Problem
(This problem is related to Simple string-split by root and sufix algorithm)
There are many ways to find a “common root” of a list of similar strings, that begins with the same substring… The question is what the best way (faster and elegant)? Do you know a book or library with these algorithms?
Example: in the set {"foo2", "foo1", "foofo"}
the root is "foo"
.
In practical use we need also ignore extrange itens, so we can expect the same "foo"
root in the set {"hello", "foo2", "foo1", "foofo", "bye"}
. A “root minimal length” parameter is also a practical issue.
Here is a sample and a first candidate algorithm:
$words = array('i', 'me', 'my', 'myself', 'we', 'our', 'ours', 'ourselves', 'you', 'your', 'yours',
'yourself', 'yourselves', 'he', 'him', 'his', 'himself', 'she', 'her', 'hers', 'herself',
'it', 'its', 'itself', 'they', 'them', 'their', 'theirs', 'themselves', 'what', 'which',
'who', 'whom', 'this', 'that', 'these', 'those', 'am', 'is', 'are', 'was', 'were', 'be',
'been', 'being', 'have', 'has', 'had', 'having', 'do', 'does', 'did', 'doing', 'a', 'an',
'the', 'and', 'but', 'if', 'or', 'because', 'as', 'until', 'while', 'of', 'at', 'by', 'for',
'with', 'about', 'against', 'between', 'into', 'through', 'during', 'before', 'after',
'above', 'below', 'to', 'from', 'up', 'down', 'in', 'out', 'on', 'off', 'over', 'under',
'again', 'further', 'then', 'once', 'here', 'there', 'when', 'where', 'why', 'how', 'all',
'any', 'both', 'each', 'few', 'more', 'most', 'other', 'some', 'such', 'no', 'nor', 'not',
'only', 'own', 'same', 'so', 'than', 'too', 'very', 's', 't', 'can', 'will', 'just', 'don',
'should', 'now');
/**
* Get the common start-string of two strings.
* @param $a string.
* @param $b string with probable common root.

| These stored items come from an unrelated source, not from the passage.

Lemma card_parallel (G H x : T) : #|[set y | parallel G H x y]| = sideways G H x.
Proof.
case: (boolP (sideways G H x)) => [/existsP [v /and3P [hx hG hH]] | hR]; last first.
  apply/eqP; rewrite cards_eq0; apply/eqP/setP => y; rewrite !inE.
  apply/negbTE; apply: contra hR => /existsP [w /and5P [hxw _ _ hwG hwH]].
  by apply/existsP; exists w; rewrite hxw hwG hwH.
suff -> : [set y | parallel G H x y] = [set splice H x v] by rewrite cards1.
apply/setP => y; rewrite !inE.
apply/idP/eqP => [/existsP [w /and5P [hxw hyw exy hwG hwH]] | ->].
  have xG : x != G by apply: contra hwG => /eqP ->.
  have ewv := agree_off_uniq hxw hx xG; subst w.
  apply: outreg_ext => u; rewrite outN_splice.
  case: (u =P v) => [-> | /eqP huv]; first exact/esym/eqP.
  by have /forallP /(_ u) := hyw; rewrite huv => /eqP.
apply/existsP; exists v.
by rewrite hx agree_off_splice outN_splice !eqxx hG hH.
Qed.

Lemma card_cross (G H x : T) :
  #|[set y | cross G H x y]| = if x \in toward G H then hamming G H else 0.
Proof.
case: ifP => hx; last first.
  by apply/eqP; rewrite cards_eq0; apply/eqP/setP => y; rewrite !inE /cross hx.
have all_but z : z \in toward H G ->
    [set y | cross G H x y] = toward H G :\ z ->
    #|[set y | cross G H x y]| = hamming G H.
  move=> hz ->; apply/eqP.
  by rewrite -(eqn_add2l (z \in toward H G)) -cardsD1 hz card_toward hammingC.
move: (hx); rewrite in_toward => /orP [/eqP ex | /existsP [v /andP [hv /eqP ex]]].
  apply: (all_but H); first by rewrite setU11.
  apply/setP => y; rewrite in_setD1 inE /cross hx ex eqxx /= andbCA.
  congr (_ && _); rewrite -[RHS]andbT; congr (_ && _).
  apply/negP => /existsP [w /andP [hw /andP [/eqP e _]]].
  by move: (splice_neq hw); rewrite -e eqxx.
apply: (all_but (splice H G v)); first exact: splice_toward.
apply/setP => y; rewrite in_setD1 inE /cross hx ex (negbTE (splice_neq hv)) /= andbC.
congr (_ && _); congr negb; apply/existsP/eqP.
  by case=> w /and3P [hw /eqP e /eqP ->]; rewrite (splice_inj hv e).
by move=> ->; exists v; rewrite hv !eqxx.
Qed.

Lemma sideways_toward (G H x : T) : ~~ (sideways G H x && (x \in toward G H)).
Proof.
rewrite in_toward; apply/negP => /andP [/existsP [w /and3P [hxw hG hH]]].
case/orP => [/eqP ex | /existsP [v /andP [hv /eqP ex]]].
  by move: hG; rewrite ex eqxx.
by move: hG hH; rewrite ex !outN_splice; case: (w == v); rewrite eqxx.
Qed.

Lemma sideways_toward_support (G H x : T) :
  sideways G H x || (x \in toward G H) = (x == G) || Hadj G x.
Proof.
rewrite HadjE in_toward; apply/idP/idP.
  case/orP => [/existsP [w /and3P [hxw hG hH]] |
              /orP [-> // | /existsP [v /andP [hv /eqP ex]]]].
    apply/orP; right; apply/andP; split; last by apply/existsP; exists w.
    by apply: contra hG => /eqP ->.
  rewrite ex splice_neq //; apply/orP; right; apply/existsP; exists v.
  exact: agree_off_splice.
case/orP => [-> | /andP [hxG /existsP [v hv]]]; first by rewrite orbT.
have hxv := agree_off_row hv hxG.
case: (boolP (outN x v == outN H v)) => hH; last first.
  by apply/orP; left; apply/existsP; exists v; rewrite hv hxv hH.
apply/orP; right; apply/orP; right; apply/existsP; exists v.
have hvd : v \in diffset G H by rewrite inE -(eqP hH) eq_sym.
rewrite hvd; apply/eqP; apply: (agree_off_inj hv (agree_off_splice G H v)).
by rewrite outN_splice eqxx (eqP hH).
Qed.

Definition on_diff (G H x : T) : bool := [exists v in diffset G H, agree_off G v x].

Lemma hamming_lt_sub (x y G H : T) t : t \in diffset G H ->
  diffset x y \subset diffset G H :\ t -> hamming x y < hamming G H.
Proof.
move=> ht hs; rewrite /hamming (cardsD1 t (diffset G H)) ht add1n ltnS.
exact: subset_leq_card.
Qed.

Lemma coupled_hamming (G H x y : T) : parallel G H x y || cross G H x y ->
  hamming x y + on_diff G H x <= hamming G H.
Proof.
case/orP => [/existsP [v /and5P [hx hy exy hG hH]] | ].
  have xG : x != G by apply: contra hG => /eqP ->.
  have hs : diffset x y \subset diffset G H :\ v.
    apply/subsetP => u; rewrite !inE; case: (u =P v) => [-> | /eqP huv /=].
      by rewrite exy.
    have /forallP /(_ u) := hx; have /forallP /(_ u) := hy.
    by rewrite huv /= => /eqP -> /eqP ->.
  case: (boolP (v \in diffset G H)) => hv.
    by rewrite (leq_trans _ (hamming_lt_sub hv hs)) // -addn1 leq_add2l leq_b1.
  have -> : on_diff G H x = false.
    apply/negbTE/existsP => -[w /andP [hw hxw]].
    by move: hv; rewrite -(agree_off_uniq hxw hx xG) hw.
  rewrite addn0 /hamming (cardsD1 v (diffset G H)) (negbTE hv) add0n.
  exact: subset_leq_card.
case/and4P; rewrite !in_toward => hxG hyH hnot hdiag.
suff lt : hamming x y < hamming G H.
  by rewrite (leq_trans _ lt) // -addn1 leq_add2l leq_b1.
case/orP: hxG => [/eqP ex | /existsP [v /andP [hv /eqP ex]]];
  case/orP: hyH => [/eqP ey | /existsP [w /andP [hw /eqP ey]]].
- by move: hnot; rewrite ex ey !eqxx.
- rewrite diffsetC in hw; apply: (hamming_lt_sub hw).
  apply/subsetP => u; rewrite ex ey !inE outN_splice.
  by case: (u =P w) => [_ | _ ->]; rewrite ?eqxx.
- apply: (hamming_lt_sub hv).
  apply/subsetP => u; rewrite ex ey !inE outN_splice.
  by case: (u =P v) => [_ | _ ->]; rewrite ?eqxx.
have hvw : v != w.
  apply: contra hdiag => /eqP evw; apply/existsP.
  by exists v; rewrite hv ex ey evw !eqxx.
apply: (hamming_lt_sub hv).
apply/subsetP => u; rewrite ex ey !inE !outN_splice.
case: (u =P v) => [-> | _]; first by rewrite (negbTE hvw) eqxx.
by case: (u =P w) => [_ | _ ->]; rewrite ?eqxx.
Qed.

End Coupling.

Section TransportPlan.
Variables (R : realFieldType) (n d : nat).
Local Notation T := (outreg n d).
Local Open Scope ring_scope.

Definition walk_mass : R := ((n * ('C(n.-1, d) - 1) + 1)%N%:R)^-1.

Definition plan (G H x y : T) : R :=
  walk_mass * ((parallel G H x y)%:R + (cross G H x y)%:R / (hamming G H)%:R).

Lemma walk_mass_ge0 : 0 <= walk_mass.
Proof. by rewrite invr_ge0 ler0n. Qed.

Lemma plan_ge0 G H x y : 0 <= plan G H x y.
Proof. by rewrite mulr_ge0 ?walk_mass_ge0 // addr_ge0 ?divr_ge0 ?ler0n. Qed.

Lemma plan_sym G H x y : plan G H x y = plan H G y x.
Proof. by rewrite /plan parallel_sym cross_sym hammingC. Qed.

Lemma HwalkE G x : @Hwalk R n d G x = walk_mass * ((x == G) || Hadj G x)%:R.
Proof. by rewrite /Hwalk; case: ifP; rewrite ?mulr1 ?mulr0. Qed.

(* the row of [x] carries mass 1 on sideways neighbours (via [parallel])
   and k * (1/k) on [toward G H] (via [cross]) *)
Lemma plan_row G H x : G != H -> \sum_y plan G H x y = @Hwalk R n d G x.
Proof.
move=> hGH; have hk : (hamming G H)%:R != 0 :> R by rewrite pnatr_eq0 hamming_eq0.
rewrite -mulr_sumr big_split /= -mulr_suml -!natr_sum -!card_set_sum.
rewrite card_parallel card_cross HwalkE -(sideways_toward_support G H x); congr (_ * _).
have := sideways_toward G H x.
by case: (sideways G H x); case: (x \in toward G H) => //= _;
  rewrite ?mul0r ?addr0 ?add0r ?mulfV.
Qed.
Theorem corollary9p3 (n k l : nat) :
  (1 <= n)%nat -> (1 <= k <= n)%nat -> (1 <= l <= n)%nat ->
  exists (O : (nat -> R) -> Prop) (phi : (nat -> R) -> (nat -> R)) (W : J2pt -> Prop),
    local_contact n O phi /\
    open_J2 n W /\
    (forall P, W P -> O (fst P)) /\
    (forall P, W P -> exists P', prolong n phi P P') /\
    (forall P P', W P -> prolong n phi P P' ->
       (detk k (snd P) = 0 <-> detk l (snd P') = 0)) /\
    (exists P, W P /\ detk k (snd P) = 0).
Proof.
  intros _ Hk Hl. set (r := swap_range k l).
  exists (fun _ => True), (legendre_map r n 1),
         (fun P => sym n (snd P) /\ near_base r n (snd P)).
  split; [apply legendre_local_contact|].
  split; [apply near_base_open|].
  split; [auto|].
  split; [intros [z U] [Hs Hnear]; now apply prolong_legendre_exists|].
  split.
  - intros [z U] P' [_ Hnear] HP. apply (prolong_legendre_detk r n z U Hnear); auto; lia.
  - exists ((fun _ => 0), base_point r).
    split; [split; [apply base_point_sym | apply base_point_near]|].
    apply detk_base_point; [lia|]. apply Bool.not_true_iff_false. unfold r. rewrite swap_range_spec. lia.
Qed.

* @return string $root or empty.
* @see this function can feed the root for str_splitByRoot() function.
*/
function str_getRoot($a,$b) {
$rootLen = strspn($b ^ $a, " "); // length before difference.
return substr($a,0,$rootLen);
}
/**
* Get the common start-string of many strings.
* The algorithm splits the string by its differences.
* @param $a array of strings.
* @param $b string with probable common root, or integer for array index.
* @return array of strings with $root and family.
*/
function array_getRoot($a,$b='',$minLen=1) {
if (is_integer($b))
$b = $a[$b];
if (!$b) $b=$a[0];
$family = array();
foreach ($a as $item) {
$r = str_getRoot($item,$b);
if (strlen($r)>=$minLen) {
$family[]=$item;
if ($r!=$b) $b=$r;
} //if
} // for
array_unshift($family,$b);
return $family;
}
Applying in the example:
$list = array("foo2", "hello", "foo1", "foofo", "bye");
$fam = array_getRoot($list);
print "nThe root of list is ".array_shift($fam); // foo
Using to show the roots of the $words
list:
sort($words); // not necessary
foreach($words as $i){
$fam4 = array_getRoot($words,$i,4);
$root = array_shift($fam4);
if (count($fam4)>1)
print "n * $i - ($root) ".join(', ',$fam4);
else { // repeate da same procedure:
$fam3 = array_getRoot($words,$i,3);
$root = array_shift($fam3);
if (count($fam3)>1)
print "n * $i - ($root) ".join(', ',$fam3);
}
}
Some results:
* about - (abo) about, above * again - (again) again, against * her - (her) her, here, hers, herself * hers - (hers) hers, herself * you - (you) you, your, yours, yourself, yourselves * yourself - (your) your, yours, yourself, yourselves
Solution
(this is not a good answer because… the answer needs performance analysis and comparison with alternative algorithms)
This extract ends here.